# Europe Forum > Travelling & Living in Europe >  Where to live for 6 months?

## joebloggs

Hey there,

I'm from the UK. I'd like to try living in another European city for 6 months, see a bit of the continent.

I have a budget of around €5K per month. No worries about the job, I work freelance from home, so can do it anywhere. Don't care about the economy or social benefits or taxes or anything like that - I'm self-sufficient and already pay 50%+ in the UK, all said and done.

I'm looking for...

Somewhere relatively safe... I want to be able to walk the streets in the day and not feel like I'm going to be knifed at any point.Somewhere good for a 27 year old couple. I'm with my girlfriend and we want to feel there's some life to the place. That doesn't mean nightclubs (I'm not into that scene), but somewhere with a bit of a vibe.Somewhere with good language schools. If I'm in a foreign country, I'd like to at least attempt learning the language with part-time studies.Somewhere with excellent food choices. I'm a real foodie. That also means good, organic options, too, and varied supermarkets, as well as good places to eat.Somewhere I don't feel utterly poor. €5K has to afford EVERYTHING- food, a decent place to live (furnished- don't want to faff about buying stuff only to stay there 6 months), bills, food, days out... for 2 people.Somewhere that actually feels enjoyable. Don't want to live on a farm in the middle of nowhere, or completely isolated. A city would be nice.


FYI, I lived in Paris for 3 months and enjoyed it, but I'm thinking of trying somewhere new.

I've lived in London for a while so please avoid that suggestion.

Right now, I'm considering Dublin, Rome, Prague or somewhere in Switzerland. I have limited travel experience with each (a day or two here and there, didn't really take a whole lot in) so maybe you can suggest somewhere else?

Where would you go?

Thanks! -JB

----------


## Cambrius (The Red)

I would think a town in northeastern France might be attractive for you.

----------


## Minty

Well, you could come here, the cost of living is high in Strasbourg, but you seem to think Paris is fine and we are cheaper here. We have several language schools here for foreigners. We are right next to Switzerland so to take a trip there during breaks is rather convenient.

----------


## Maciamo

There are hundreds of options.
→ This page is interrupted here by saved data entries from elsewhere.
(* Let $f:X\to X$ be a nonuniformly expanding map with induced map $F=f^r:Y\to Y$, expansion constant $\lambda>1$, and $\operatorname{diam}(Y)\le1$. Let $v:X\to\mathbb{R}$ be $C^\eta$ with $\eta\in(0,1]$, and set $\theta=\lambda^{-\eta}$. Then: - $V_\omega\in F_\theta^{\rm loc}(Y)$ for all $\omega\in[0,2\pi]$; - there is a constant $C\ge1$ such that $D_\theta V_\omega(a)\le C|v|_\eta r(a)$ for all $\omega\in[0,2\pi]$ and $a\in\alpha$.
   Context: Nonuniformly expanding map: $(X,d)$ is a locally compact separable bounded metric space with Borel probability measure $m_0$, and $f:X\to X$ is nonsingular with $m_0$ ergodic. $Y\subset X$ is measurable with $m_0(Y)>0$, and $\alpha$ is an at most countable measurable partition of $Y$. $r:Y\to\mathbb{Z}^+$ is integrable and constant on each $a\in\alpha$ (value $r(a)$). There are constants $\lambda>1$, $\eta_0\in(0,1)$, $C_0\ge1$ such that for each $a\in\alpha$: (1) $F=f^{r(a)}:a\to Y$ is a measure-theoretic bijection; (2) $d(Fx,Fy)\ge\lambda d(x,y)$ for $x,y\in a$; (3) $d(f^\ell x,f^\ell y)\le C_0d(Fx,Fy)$ for $x,y\in a$ and $0\le\ell<r(a)$; (4) $g_a=d(m_0|_a\circ F^{-1})/dm_0|_Y$ satisfies $|\log g_a(x)-\log g_a(y)|\le C_0d(x,y)^{\eta_0}$ on $Y$. $d$ is rescaled so that $\operatorname{diam}(Y)\le1$. Symbolic metric: the $n$-cylinders are $\bigcap_{j=0}^{n-1}F^{-j}a_j$ with $a_j\in\alpha$. The separation time $s(x,y)$ is the least $n\ge0$ such that $x,y$ lie in distinct $n$-cylinders, and $d_\theta(x,y)=\theta^{s(x,y)}$. A function $\phi:Y\to\mathbb{C}$ is locally Lipschitz, written $\phi\in F_\theta^{\rm loc}(Y)$, if for each $a\in\alpha$, $D_\theta\phi(a)=\sup_{x,y\in a,x\ne y}|\phi(x)-\phi(y)|/d_\theta(x,y)<\infty$ and $\phi|_a$ is bounded. $|v|_\eta=\sup_{x\ne y}|v(x)-v(y)|/d(x,y)^\eta$. $V_\omega(y)=\sum_{\ell=0}^{r(y)-1}e^{i\ell\omega}v(f^\ell y)$. *)

From HB Require Import structures.
From mathcomp Require Import all_boot all_order all_algebra.
From mathcomp Require Import all_classical all_reals all_analysis.
From mathcomp.real_closed Require Import complex.
Set Implicit Arguments. Unset Strict Implicit. Unset Printing Implicit Defensive.
Import Order.TTheory GRing.Theory Num.Theory.
Local Open Scope classical_set_scope.
Local Open Scope ring_scope.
With 5,000 € per month you will be comfortable almost anywhere outside the UK, Switzerland, Luxembourg and Paris.

If food and sightseeing are important for you, I would recommend a city in central or northern Italy (e.g. Florence, Rome, Siena, Verona are all great options, also for language schools), south-west Germany (Heidelberg, Freiburg, Tübingen, Stuttgart are all outstanding). In France, safety might be an issue in bigger cities, especially if you rely on public transport or go to night clubs. If I had to live for a few months in a french city I would choose Strasbourg, Nancy, Dijon, Nice or Toulouse. There are countless smaller cities that are very beautiful to visit (Caen, Colmar, Carcasonne, Saint-Malo, Annecy), but you might get bored staying there for 6 months.

Brussels is also a great place, but it takes time to discover and enjoy properly (6 months might be too short). If you do choose Brussels, make sure to choose a decent neighbourhood to live, as there are huge gaps between well-off and destitute immigrant quarters, with very little in between.

----------


## Segia

My city, Zaragoza, 700.000 inhab. (NE Spain)

With 5000 euro you'll live like a Maharaja, is one the saffest cities in Spain, you have a good cultural and nightlife scene, people is around the streets in winter, summer..., you'll can learn spanish -several academies and a brittish college- and there's only 300 kms from Madrid, Barcelona, Valencia; 270 from San Sebastian, 180 from Pamplona, one hour and thirty minutes from the Pyrennes (if you like skiing), 3.30 hours from Pau (southern France)...

Public transport works good and we have airport and AVE (high speed train)

Contras:

The wind, strong and cold in winter. The summer, hot as hell. Others would put also the accent...

----------